Single by Hayden James featuring Graace

from the album Between Us
- Released: 6 October 2017
- Recorded: 2017
- Genre: Electronic;
- Length: 3:37
- Label: Future Classic
- Songwriters: Hayden Luby; Cassian Stewart-Kasima; Grace Pitts;
- Producers: Hayden James; Cassian;

Hayden James singles chronology
| "Just a Lover" (2016) | "Numb" (2017) | "Just Friends" (2018) |

Graace singles chronology
|  | "Numb" (2017) | "Kissing Boys" (2018) |

= Numb (Hayden James song) =

"Numb" is a song by Australian singer Hayden James featuring Sydney-based vocalist Graace. It was released on 6 October 2017 as the lead single from James' debut studio album Between Us (2019). The song has peaked at number 48 on the ARIA Singles Chart.

==Critical reception==
Anmplify said: "'Numb' is a captivating arrangement of velvety vocals, punctuated by crafty synthesisers and an addictive bass line.
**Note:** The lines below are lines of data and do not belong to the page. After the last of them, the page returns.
Lemma continuous_bounded_on (f : R -> R) l r : l <= r ->
  (forall t, l <= t <= r -> continuous f t) -> exists K, forall t, l <= t <= r -> f t <= K.
Proof.
  intros Hlr Hf; destruct (continuity_ab_maj f l r Hlr) as [t0 [Ht0 _]].
  - intros t Ht; apply continuity_pt_filterlim, Hf, Ht.
  - now exists (f t0).
Qed.

Lemma locally_in_interval l r x : l < x < r -> locally x (fun y => l <= y <= r).
Proof.
  intros Hx; apply (locally_interval _ x l r); simpl; try lra; intros; lra.
Qed.

Lemma interval_around x : 0 < x -> exists l r, 0 < l /\ l <= 1 /\ 1 <= r /\ l < x < r.
Proof.
  intros Hx; exists (Rmin x 1 / 2), (Rmax x 1 + 1).
  unfold Rmin, Rmax; destruct (Rle_dec x 1); repeat split; lra.
Qed.

Lemma eq_of_Rabs_lt_all a b : (forall eps, 0 < eps -> Rabs (a - b) < eps) -> a = b.
Proof.
  intros H; destruct (Req_dec a b) as [|Hne]; auto.
  specialize (H _ (Rabs_pos_lt (a - b) ltac:(lra))); lra.
Qed.

Section LinearSystem.

Variable n : nat.
Variables (F : R -> (nat -> R) -> nat -> R) (L : R -> R).
Hypothesis F_minus : forall t y z i, F t y i - F t z i = F t (fun j => y j - z j) i.
Hypothesis F_bound : forall t y i, (i < n)%nat -> Rabs (F t y i) <= L t * norm1 n y.
Hypothesis L_nonneg : forall t, 0 <= L t.
Hypothesis L_cont : cont_on_pos L.
Hypothesis F_cont : forall (Y : nat -> R -> R) i t, (i < n)%nat -> 0 < t ->
  (forall j, (j < n)%nat -> continuous (Y j) t) -> continuous (fun s => F s (fun j => Y j s) i) t.
Variable y0 : nat -> R.

Fixpoint picard (k : nat) : nat -> R -> R :=
  match k with
  | O => fun i _ => y0 i
  | S k => fun i x => y0 i + RInt (fun t => F t (fun j => picard k j t) i) 1 x
  end.

Lemma picard_S k i x :
  picard (S k) i x = y0 i + RInt (fun t => F t (fun j => picard k j t) i) 1 x.
Proof. reflexivity. Qed.

Definition picard_lim (i : nat) (x : R) : R := real (Lim_seq (fun k => picard k i x)).

Lemma picard_cont k i x : (i < n)%nat -> 0 < x -> continuous (picard k i) x.
Proof.
  revert i x; induction k as [|k IH]; intros i x Hi Hx; simpl; [apply continuous_const |].
  apply continuous_Rplus; [apply continuous_const |].
  eapply is_derive_continuous_R, is_derive_RInt_pos; auto.
  intros t Ht; apply F_cont; auto.
Qed.

Lemma RInt_F_minus (Y Z : nat -> R -> R) i x : (i < n)%nat -> 0 < x ->
  (forall j, (j < n)%nat -> cont_on_pos (Y j)) -> (forall j, (j < n)%nat -> cont_on_pos (Z j)) ->
  RInt (fun t => F t (fun j => Y j t) i) 1 x - RInt (fun t => F t (fun j => Z j t) i) 1 x
  = RInt (fun t => F t (fun j => Y j t - Z j t) i) 1 x.
Proof.
  intros Hi Hx HY HZ.
  rewrite <- (RInt_minus (V := R_CompleteNormedModule)) by
    (apply ex_RInt_pos; try lra; intros t Ht; apply F_cont; auto;
     intros j Hj; first [apply HY | apply HZ]; auto).
  apply RInt_ext; intros; apply F_minus.
Qed.

Lemma abs_RInt_F_le (v : nat -> R -> R) l r K C m x i : 0 < l -> l <= 1 -> 1 <= r -> l <= x <= r ->
  (i < n)%nat -> (forall t, l <= t <= r -> L t <= K) -> (forall j, (j < n)%nat -> cont_on_pos (v j)) ->
  (forall t, l <= t <= r -> norm1 n (fun j => v j t) <= C * Rabs (t - 1) ^ m) ->
  Rabs (RInt (fun t => F t (fun j => v j t) i) 1 x) <= K * C * Rabs (x - 1) ^ S m / INR (S m).
Proof.
  intros Hl Hl1 Hr Hx Hi HK Hv HC.
  assert (Hsub : forall t, Rmin 1 x <= t <= Rmax 1 x -> l <= t <= r)
    by (intros t; unfold Rmin, Rmax; destruct (Rle_dec 1 x); lra).
  apply abs_RInt_le_pow.
  - intros t Ht; apply F_cont; auto; [generalize (Hsub t Ht); lra |].
    intros j Hj; apply Hv; auto; generalize (Hsub t Ht); lra.
  - intros t Ht; specialize (Hsub t Ht); rewrite Rmult_assoc.
    eapply Rle_trans; [apply F_bound; auto |].
    apply Rmult_le_compat; auto using norm1_ge_0.
Qed.

Definition picard_diff (k i : nat) (x : R) : R := picard (S k) i x - picard k i x.

Lemma picard_diff_0 i x : picard_diff 0 i x = RInt (fun t => F t (fun j => y0 j) i) 1 x.
Proof. unfold picard_diff; rewrite picard_S; simpl; ring. Qed.

Lemma picard_diff_S k i x : (i < n)%nat -> 0 < x ->
  picard_diff (S k) i x = RInt (fun t => F t (fun j => picard_diff k j t) i) 1 x.
Proof.
  intros Hi Hx; unfold picard_diff; rewrite (picard_S (S k)), (picard_S k).
  rewrite <- RInt_F_minus by (auto; intros j Hj t Ht; apply picard_cont; auto).
  ring.
Qed.

Lemma picard_diff_bound l r K k x : 0 < l -> l <= 1 -> 1 <= r -> l <= x <= r ->
  (forall t, l <= t <= r -> L t <= K) ->
  norm1 n (fun i => picard_diff k i x)
  <= norm1 n y0 * (INR n * K) ^ S k * Rabs (x - 1) ^ S k / INR (fact (S k)).
Proof.
  intros Hl Hl1 Hr Hx HK; revert x Hx; induction k as [|k IH]; intros x Hx.
  - replace (norm1 n y0 * (INR n * K) ^ 1 * Rabs (x - 1) ^ 1 / INR (fact 1))
      with (INR n * (K * norm1 n y0 * Rabs (x - 1) ^ 1 / INR 1)) by (simpl; field).
    apply norm1_le; intros i Hi; rewrite picard_diff_0.
    apply (abs_RInt_F_le (fun j _ => y0 j) l r); auto.
    + intros j Hj t Ht; apply continuous_const.
    + intros t Ht; rewrite pow_O, Rmult_1_r; apply Rle_refl.
  - assert (Hf : INR (fact (S k)) <> 0) by apply INR_fact_neq_0.
    replace (norm1 n y0 * (INR n * K) ^ S (S k) * Rabs (x - 1) ^ S (S k) / INR (fact (S (S k))))
      with (INR n * (K * (norm1 n y0 * (INR n * K) ^ S k / INR (fact (S k)))
                     * Rabs (x - 1) ^ S (S k) / INR (S (S k))))
      by (change (fact (S (S k))) with (S (S k) * fact (S k))%nat; rewrite mult_INR;
          simpl pow; field; split; first [exact Hf | apply not_0_INR; lia]).
    apply norm1_le; intros i Hi; rewrite picard_diff_S by (auto; lra).
    apply abs_RInt_F_le with (l := l) (r := r); auto.
    + intros j Hj t Ht; apply continuous_Rminus; apply picard_cont; auto.
    + intros t Ht; eapply Rle_trans; [apply IH; auto | right; field; exact Hf].
Qed.

Lemma picard_unif_cvg l r : 0 < l -> l <= 1 -> 1 <= r ->
  forall eps, 0 < eps -> exists N, forall k i x, (N <= k)%nat -> (i < n)%nat -> l <= x <= r ->
    Rabs (picard_lim i x - picard k i x) < eps.
Proof.
  intros Hl Hl1 Hr eps He.
  destruct (continuous_bounded_on L l r ltac:(lra) (fun t Ht => L_cont t ltac:(lra))) as [K HK].
  assert (HK0 : 0 <= K) by (generalize (L_nonneg l) (HK l ltac:(lra)); lra).
  set (q := INR n * K * (r - l)).
  assert (Hq : 0 <= q) by (unfold q; generalize (pos_INR n); intros; apply Rmult_le_pos; nra).
  destruct (pow_fact_halving q (norm1 n y0) Hq (norm1_ge_0 n y0)) as [N0 HN0].
  set (cc := fun k => norm1 n y0 * q ^ S k / INR (fact (S k))).
  assert (Hcc : forall k, 0 <= cc k).
  { intros k; unfold cc; apply Rmult_le_pos;
      [apply Rmult_le_pos; [apply norm1_ge_0 | apply pow_le; auto] |
       apply Rlt_le, Rinv_0_lt_compat, lt_0_INR, lt_O_fact]. }
  destruct (halving_eventually_lt cc N0 Hcc HN0 (eps / 2)) as [N [HN Hsmall]]; [lra |].
  exists N; intros k i x Hk Hi Hx.
  apply Rle_lt_trans with (2 * cc k); [| generalize (Hsmall k Hk); lra].
  apply (Lim_seq_dist_le_halving (fun k => picard k i x) cc N0); auto; [| lia].
  intros m _; eapply Rle_trans; [apply (Rabs_le_norm1 n (fun i => picard_diff m i x)); auto |].
  eapply Rle_trans; [apply (picard_diff_bound l r K); auto |].
  unfold cc, Rdiv; apply Rmult_le_compat_r;
    [apply Rlt_le, Rinv_0_lt_compat, lt_0_INR, lt_O_fact |].
  rewrite Rmult_assoc, <- Rpow_mult_distr; apply Rmult_le_compat_l; [apply norm1_ge_0 |].
  apply pow_incr; split; [apply Rmult_le_pos; [apply Rmult_le_pos; auto using pos_INR | apply Rabs_pos] |].
  unfold q; apply Rmult_le_compat_l; [apply Rmult_le_pos; auto using pos_INR |].
  unfold Rabs; destruct (Rcase_abs (x - 1)); lra.
Qed.

Lemma picard_lim_cont i x : (i < n)%nat -> 0 < x -> continuous (picard_lim i) x.
Proof.
  intros Hi Hx; destruct (interval_around x Hx) as (l & r & Hl & Hl1 & Hr & Hlr).
  apply filterlim_locally; intros eps.
  destruct (picard_unif_cvg l r Hl Hl1 Hr (eps / 3)) as [N HN]; [generalize (cond_pos eps); lra |].
  assert (Hp := picard_cont N i x Hi Hx).
  apply filterlim_locally with (eps := mkposreal (eps / 3) ltac:(generalize (cond_pos eps); lra)) in Hp.
  generalize (filter_and _ _ Hp (locally_in_interval l r x Hlr)); apply filter_imp.
  intros y [Hy Hyr]; change (Rabs (picard_lim i y - picard_lim i x) < eps).
  change (Rabs (picard N i y - picard N i x) < eps / 3) in Hy.
  generalize (HN N i y (le_n N) Hi Hyr) (HN N i x (le_n N) Hi ltac:(lra)); intros Hy' Hx'.
  replace (picard_lim i y - picard_lim i x) with ((picard_lim i y - picard N i y)
    + (picard N i y - picard N i x) - (picard_lim i x - picard N i x)) by ring.
  eapply Rle_lt_trans; [apply Rabs_triang |]; rewrite Rabs_Ropp.
  eapply Rle_lt_trans; [apply Rplus_le_compat_r, Rabs_triang | lra].
Qed.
The refined track begins slow with a buoyant melody, only to build into an infectious jam, dripping with emotion."

==Track listing==
Digital download
1. "Numb" – 3:37

Digital download
1. "Numb" – 3:37
2. "Numb" (Friend Within remix) – 5:18
3. "Numb" (Pluko remix) – 3:34

==Charts==

| Chart (2017) | Peak position |
|---|---|
| Australia (ARIA) | 48 |
| Australian Artist Singles (ARIA) | 6 |

==Certifications==

| Region | Certification | Certified units/sales |
| Australia (ARIA) | 3× Platinum | 210,000^{‡} |
| New Zealand (RMNZ) | Platinum | 30,000^{‡} |
^{‡} Sales+streaming figures based on certification alone.